------ Available data

(* Let $G$ be a structurally saturated sequent. Then the relation $R_G$ on clusters of $G$ is a (partial) order and the relation $\le_G$ on clusters of $G$ is a preorder. If moreover $G$ is layered, then $\le_G$ on clusters is also an order.
   Context: A sequent $G$ is $\mathcal{R},\Gamma\Rightarrow\Delta$ with $\mathcal{R}$ a set of relational atoms $xRy$, $x\le y$ between labels and $\Gamma,\Delta$ multisets of labelled formulas $x{:}A$; $x\le_G y$, $xR_Gy$ mean the atom is in $\mathcal{R}$, and $x{:}C^\bullet$ means $x{:}C\in\Gamma$. $G$ is structurally saturated if: $x\le_G y$ and $x{:}C^\bullet$ imply $y{:}C^\bullet$; $xR_Gy$ and $y\le_G z$ imply some $u$ with $x\le_G u$, $uR_Gz$; $xR_Gy$ and $x\le_G z$ imply some $u$ with $y\le_G u$, $zR_Gu$; $\le_G$ and $R_G$ are transitive and reflexive on all labels. For structurally saturated $G$, a cluster is an equivalence class of $R_G\cap R_G^{-1}$. On clusters: $C_1\le_G C_2$ iff for every $y\in C_2$ there is $x\in C_1$ with $x\le_G y$; $C_1 R_G C_2$ iff there are $x\in C_1$, $y\in C_2$ with $xR_Gy$. A layer is an equivalence class of the reflexive-transitive closure of $R_G\cup R_G^{-1}$. $G$ is layered if for all labels $x,x',y,y'$: (1) if $x,y$ are in the same layer and $x\ne y$, then neither $x\le_G y$ nor $y\le_G x$; (2) if $x,y$ are in the same layer, $x',y'$ are in the same layer, $x\le_G x'$ and $x\ne x'$, then not $y'\le_G y$. *)

From Stdlib Require Import List Relations.
Import ListNotations.

Definition label := nat.

(* Formulas of intuitionistic modal logic (the only property of formulas used
   by the statement is equality, in the persistence condition). *)
Inductive form : Type :=
| Var : nat -> form
| Bot : form
| And : form -> form -> form
| Or  : form -> form -> form
| Imp : form -> form -> form
| Box : form -> form
| Dia : form -> form.

Inductive ratom : Type :=
| ARel : label -> label -> ratom
| ALe  : label -> label -> ratom.

Definition lform := (label * form)%type.

(* A sequent  R, Gamma => Delta  (multisets represented by lists). *)
Record sequent := Sequent {
  rel   : list ratom;
  gamma : list lform;
  delta : list lform
}.

Definition leG (G : sequent) (x y : label) : Prop := In (ALe x y) (rel G).
Definition RG  (G : sequent) (x y : label) : Prop := In (ARel x y) (rel G).

Definition is_label (G : sequent) (x : label) : Prop :=
  (exists y, In (ARel x y) (rel G) \/ In (ARel y x) (rel G)
          \/ In (ALe x y) (rel G) \/ In (ALe y x) (rel G))
  \/ (exists A, In (x, A) (gamma G))
  \/ (exists A, In (x, A) (delta G)).

Definition struct_saturated (G : sequent) : Prop :=
  (forall x y C, leG G x y -> In (x, C) (gamma G) -> In (y, C) (gamma G)) /\
  (forall x y z, RG G x y -> leG G y z -> exists u, leG G x u /\ RG G u z) /\
  (forall x y z, RG G x y -> leG G x z -> exists u, leG G y u /\ RG G z u) /\
  (forall x y z, leG G x y -> leG G y z -> leG G x z) /\
  (forall x y z, RG G x y -> RG G y z -> RG G x z) /\
  (forall x, is_label G x -> leG G x x) /\
  (forall x, is_label G x -> RG G x x).

Definition cluster_of (G : sequent) (x : label) : label -> Prop :=
  fun y => RG G x y /\ RG G y x.

Definition is_cluster (G : sequent) (C : label -> Prop) : Prop :=
  exists x, is_label G x /\ C = cluster_of G x.

Definition cle (G : sequent) (C1 C2 : label -> Prop) : Prop :=
  forall y, C2 y -> exists x, C1 x /\ leG G x y.

Definition cR (G : sequent) (C1 C2 : label -> Prop) : Prop :=
  exists x y, C1 x /\ C2 y /\ RG G x y.

Definition preorder_on {T : Type} (P : T -> Prop) (r : T -> T -> Prop) : Prop :=
  (forall a, P a -> r a a) /\
  (forall a b c, P a -> P b -> P c -> r a b -> r b c -> r a c).

Definition order_on {T : Type} (P : T -> Prop) (r : T -> T -> Prop) : Prop :=
  preorder_on P r /\
  (forall a b, P a -> P b -> r a b -> r b a -> a = b).

Definition same_layer (G : sequent) : label -> label -> Prop :=
  clos_refl_trans label (fun a b => RG G a b \/ RG G b a).

Definition layered (G : sequent) : Prop :=
  (forall x y, is_label G x -> is_label G y ->
     same_layer G x y -> x <> y -> ~ leG G x y /\ ~ leG G y x) /\
  (forall x x' y y', is_label G x -> is_label G x' -> is_label G y -> is_label G y' ->
     same_layer G x y -> same_layer G x' y' -> leG G x x' -> x <> x' ->
     ~ leG G y' y).

From Stdlib Require Import Relations FunctionalExtensionality PropExtensionality PeanoNat.

(* Clusters are the classes of the equivalence R_G ∩ R_G^-1, so R_G lifted to
   clusters inherits reflexivity and transitivity, and two clusters related
   both ways share a representative pair, hence coincide; likewise ≤_G lifts
   to a preorder.  For antisymmetry of ≤_G in a layered sequent, let
   [x] ≤ [y] ≤ [x], and pick a ∈ [x] with a ≤ y and b ∈ [y] with b ≤ x.  If
   a ≠ y, then a ≤ y is a strict step from the layer of x to that of y while
   b ≤ x goes back, which the second layering condition forbids; so a = y
   and y ∈ [x]. *)

Lemma RG_is_label_l (G : sequent) (x y : label) : RG G x y -> is_label G x.
Proof. intro Hxy. left. exists y. left. exact Hxy. Qed.

Lemma RG_is_label_r (G : sequent) (x y : label) : RG G x y -> is_label G y.
Proof. intro Hxy. left. exists x. right. left. exact Hxy. Qed.

Section Clusters.

Variable G : sequent.

Hypothesis RG_trans : forall x y z, RG G x y -> RG G y z -> RG G x z.
Hypothesis RG_refl : forall x, is_label G x -> RG G x x.
Hypothesis leG_trans : forall x y z, leG G x y -> leG G y z -> leG G x z.
Hypothesis leG_refl : forall x, is_label G x -> leG G x x.

Lemma cluster_of_refl (x : label) : is_label G x -> cluster_of G x x.
Proof. intro Hx. split; apply RG_refl; exact Hx. Qed.

Lemma cluster_of_eq (x y : label) :
  RG G x y -> RG G y x -> cluster_of G x = cluster_of G y.
Proof.
  intros Hxy Hyx.
  apply functional_extensionality; intro z; apply propositional_extensionality.
  unfold cluster_of; split; intros [Hz1 Hz2]; split; eauto.
Qed.

Lemma cR_order : order_on (is_cluster G) (cR G).
Proof.
  split; [split|].
  - intros C (x & Hx & ->). exists x, x. auto using cluster_of_refl.
  - intros C1 C2 C3 (x & _ & ->) (y & _ & ->) (z & _ & ->)
      (a & b & [Hxa Hax] & [Hyb Hby] & Hab) (b' & c & [Hyb' Hb'y] & [Hzc Hcz] & Hb'c).
    exists a, c. repeat split; try assumption.
    apply (RG_trans a b c Hab), (RG_trans b y c Hby), (RG_trans y b' c Hyb' Hb'c).
  - intros C1 C2 (x & _ & ->) (y & _ & ->)
      (a & b & [Hxa Hax] & [Hyb Hby] & Hab) (b' & a' & [Hyb' Hb'y] & [Hxa' Ha'x] & Hb'a').
    apply cluster_of_eq; eauto.
Qed.

Lemma cle_preorder : preorder_on (is_cluster G) (cle G).
Proof.
  split.
  - intros C (x & _ & ->) y Hy. exists y. split; [exact Hy|].
    apply leG_refl. destruct Hy as [Hxy _]. exact (RG_is_label_r _ _ _ Hxy).
  - intros C1 C2 C3 _ _ _ H12 H23 z Hz.
    destruct (H23 z Hz) as (y & Hy & Hyz). destruct (H12 y Hy) as (x & Hx & Hxy).
    exists x. eauto.
Qed.

Lemma cle_antisym_layered (C1 C2 : label -> Prop) :
  layered G -> is_cluster G C1 -> is_cluster G C2 ->
  cle G C1 C2 -> cle G C2 C1 -> C1 = C2.
Proof.
  intros [_ no_return] (x & Hx & ->) (y & Hy & ->) Hxy Hyx.
  destruct (Hxy y (cluster_of_refl y Hy)) as (a & Ha & Hay).
  destruct (Hyx x (cluster_of_refl x Hx)) as (b & Hb & Hbx).
  destruct (Nat.eq_dec a y) as [-> | Hay_neq].
  - destruct Ha as [Hxy' Hyx']. exact (cluster_of_eq x y Hxy' Hyx').
  - exfalso.
    destruct Ha as [Hxa Hax], Hb as [Hyb Hby].
    apply (no_return a y x b); eauto using RG_is_label_l, RG_is_label_r.
    + apply rt_step. right. exact Hxa.
    + apply rt_step. left. exact Hyb.
Qed.

End Clusters.

Theorem mainTheorem5 (G : sequent) :
  struct_saturated G ->
  order_on (is_cluster G) (cR G) /\
  preorder_on (is_cluster G) (cle G) /\
  (layered G -> order_on (is_cluster G) (cle G)).
Proof.
  intros (_ & _ & _ & leG_trans & RG_trans & leG_refl & RG_refl).
  pose proof (cle_preorder G leG_trans leG_refl) as Hpre.
  split; [|split].
  - exact (cR_order G RG_trans RG_refl).
  - exact Hpre.
  - intro Hlay. split; [exact Hpre|].
    intros C1 C2. exact (cle_antisym_layered G RG_trans RG_refl C1 C2 Hlay).
Qed.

------------

Across all the records above, find each line with "Hypothesis" in it and copy it.

Hypothesis RG_trans : forall x y z, RG G x y -> RG G y z -> RG G x z.
Hypothesis RG_refl : forall x, is_label G x -> RG G x x.
Hypothesis leG_trans : forall x y z, leG G x y -> leG G y z -> leG G x z.
Hypothesis leG_refl : forall x, is_label G x -> leG G x x.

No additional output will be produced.